C. Aggregation Pipeline Example
Suppose MovieFlix wants to find the top 3 genres by total views in 2024:
db.watchHistory.aggregate([
// 1. Only 2024 records
{ $match: { year: 2024 } },
// 2. Group by genre, sum views
{ $group: { _id: "$genre", totalViews: { $sum: "$views" } } },
// 3. Sort by totalViews descending
{ $sort: { totalViews: -1 } },
// 4. Limit to top 3
{ $limit: 3 },
// 5. Project clean output
{ $project: { _id: 0, genre: "$_id", totalViews: 1 } }
])
Explanation:
- `$match`: Filters for 2024.
- `$group`: Sums up views per genre.
- `$sort` and `$limit`: Gets top 3 genres.
- `$project`: Formats output for reporting.
D. Best Practices for Aggregation Pipelines
- **Place `$match` early** to reduce data volume for later stages.
-
Use indexes on fields used in
$match
for performance. -
Keep documents small—avoid unnecessary fields with
$project
. -
Test each stage separately to debug and optimize.
-
Limit pipeline complexity for maintainability.
5. Step-by-Step Data Modeling & Code Walkthrough
Let’s build a real MovieFlix aggregation pipeline.

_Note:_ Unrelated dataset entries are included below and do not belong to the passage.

Lemma wdot_scale w c f : wdot w (wscale c f) = c * wdot w f.
Proof.
rewrite !(wdotE w (r := finsupp f)) ?fset_uniq //; last exact: finsupp_wscale.
by rewrite mulr_sumr; apply: eq_bigr => n _; rewrite wscaleE mulrCA.
Qed.

Lemma wdot0 w : wdot w (wzero k) = 0.
Proof. by rewrite (wdotE w (r := [::])) ?big_nil //; exact: finsupp_wzero. Qed.

Lemma wdot_wsum w (s : seq (Witt k)) : wdot w (wsum s) = \sum_(x <- s) wdot w x.
Proof.
by elim: s => [|x s IH]; rewrite ?big_nil ?wdot0 // big_cons wdot_add IH.
Qed.

Lemma wdot_Lb w a : wdot w (Lb k a) = w a.
Proof.
rewrite (wdotE w (r := [:: a])) //; last exact: finsupp_Lb.
by rewrite big_seq1 LbE eqxx mulr1.
Qed.

End WittAlgebra.

Section SubalgebraO.
Variables (k : fieldType) (lam : k).
Implicit Types (f g x y : Witt k) (c : k).

Lemma OgenE (n : nat) a :
  Ogen lam n a = (a == n%:Z)%:R - lam ^+ n * (a == - n%:Z)%:R.
Proof. by rewrite waddE wscaleE !LbE mulNr. Qed.

Lemma Ogen_neq0 n : Ogen lam n.+1 != wzero k.
Proof.
apply/eqP => /fsfunP /(_ n.+1%:Z) /eqP.
by rewrite OgenE wzeroE eqxx /= mulr0 subr0 oner_eq0.
Qed.

Lemma inO_Ogen n : inO lam (Ogen lam n.+1).
Proof.
exists [:: (1, n)]; apply/fsfunP => a.
by rewrite /= waddE wscaleE wzeroE mul1r addr0.
Qed.

Lemma inO_ind (P : Witt k -> Prop) :
    P (wzero k) -> (forall x y, P x -> P y -> P (wadd x y)) ->
    (forall c x, P x -> P (wscale c x)) -> (forall n, P (Ogen lam n.+1)) ->
  forall x, inO lam x -> P x.
Proof.
move=> P0 PD PZ Pgen x [s ->]; elim: s => [|[c n] s IH] //=.
exact/PD/IH/PZ.
Qed.

Lemma inO_add x y : inO lam x -> inO lam y -> inO lam (wadd x y).
Proof.
move=> [s ->] [t ->]; exists (s ++ t); apply/fsfunP => a.
by rewrite waddE !wsumE map_cat big_cat.
Qed.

A. Sample Document Structure
{
"_id": ObjectId("..."),
"movie": "Edge of Tomorrow",
"genre": "Sci-Fi",
"country": "USA",
"views": 15000,
"rating": 8.2,
"year": 2024
}
B. Find the Average Rating and Total Views per Genre in the USA
db.watchHistory.aggregate([
{ $match: { country: "USA" } },
{ $group: {
_id: "$genre",
totalViews: { $sum: "$views" },
avgRating: { $avg: "$rating" }
}
},
{ $project: {
_id: 0,
genre: "$_id",
totalViews: 1,
avgRating: { $round: ["$avgRating", 2] }
}
}
])
Explanation:
-
Filters for USA records.
-
Groups by genre.
-
Sums views and averages ratings.
-
Projects a clean, rounded output.
C. Find Top 5 Movies by Views in 2024
db.watchHistory.aggregate([
{ $match: { year: 2024 } },
{ $sort: { views: -1 } },
{ $limit: 5 },
{ $project: { _id: 0, movie: 1, views: 1 } }
])
D. Count Movies per Genre with $group and $project
db.watchHistory.aggregate([
{ $group: { _id: "$genre", count: { $sum: 1 } } },
{ $project: { _id: 0, genre: "$_id", count: 1 } }
])
6. Interactive Challenge / Mini-Project
Your Turn!
-
Write an aggregation pipeline to find the average rating for each genre in 2024, but only include genres with more than 10,000 total views.
-
Output should show genre, average rating (rounded to 1 decimal), and total views.
7. Common Pitfalls & Best Practices
Pitfall | Best Practice |
---|---|
Placing $match late | Put $match early to reduce data volume |
Returning too many fields | Use $project to limit output |
Not using indexes | Index fields used in $match for speed |
Complex pipelines in one go | Build and test one stage at a time |
8. Optional: Programmer’s Workflow Checklist
-
Define your output and work backwards to design stages.
-
Place
$match
as early as possible. -
Use
$group
for aggregation,$project
for shaping output. -
Test each stage’s output before adding the next.
-
Use
$sort
and$limit
for ranking and pagination. -
Optimize with indexes and by limiting unnecessary fields.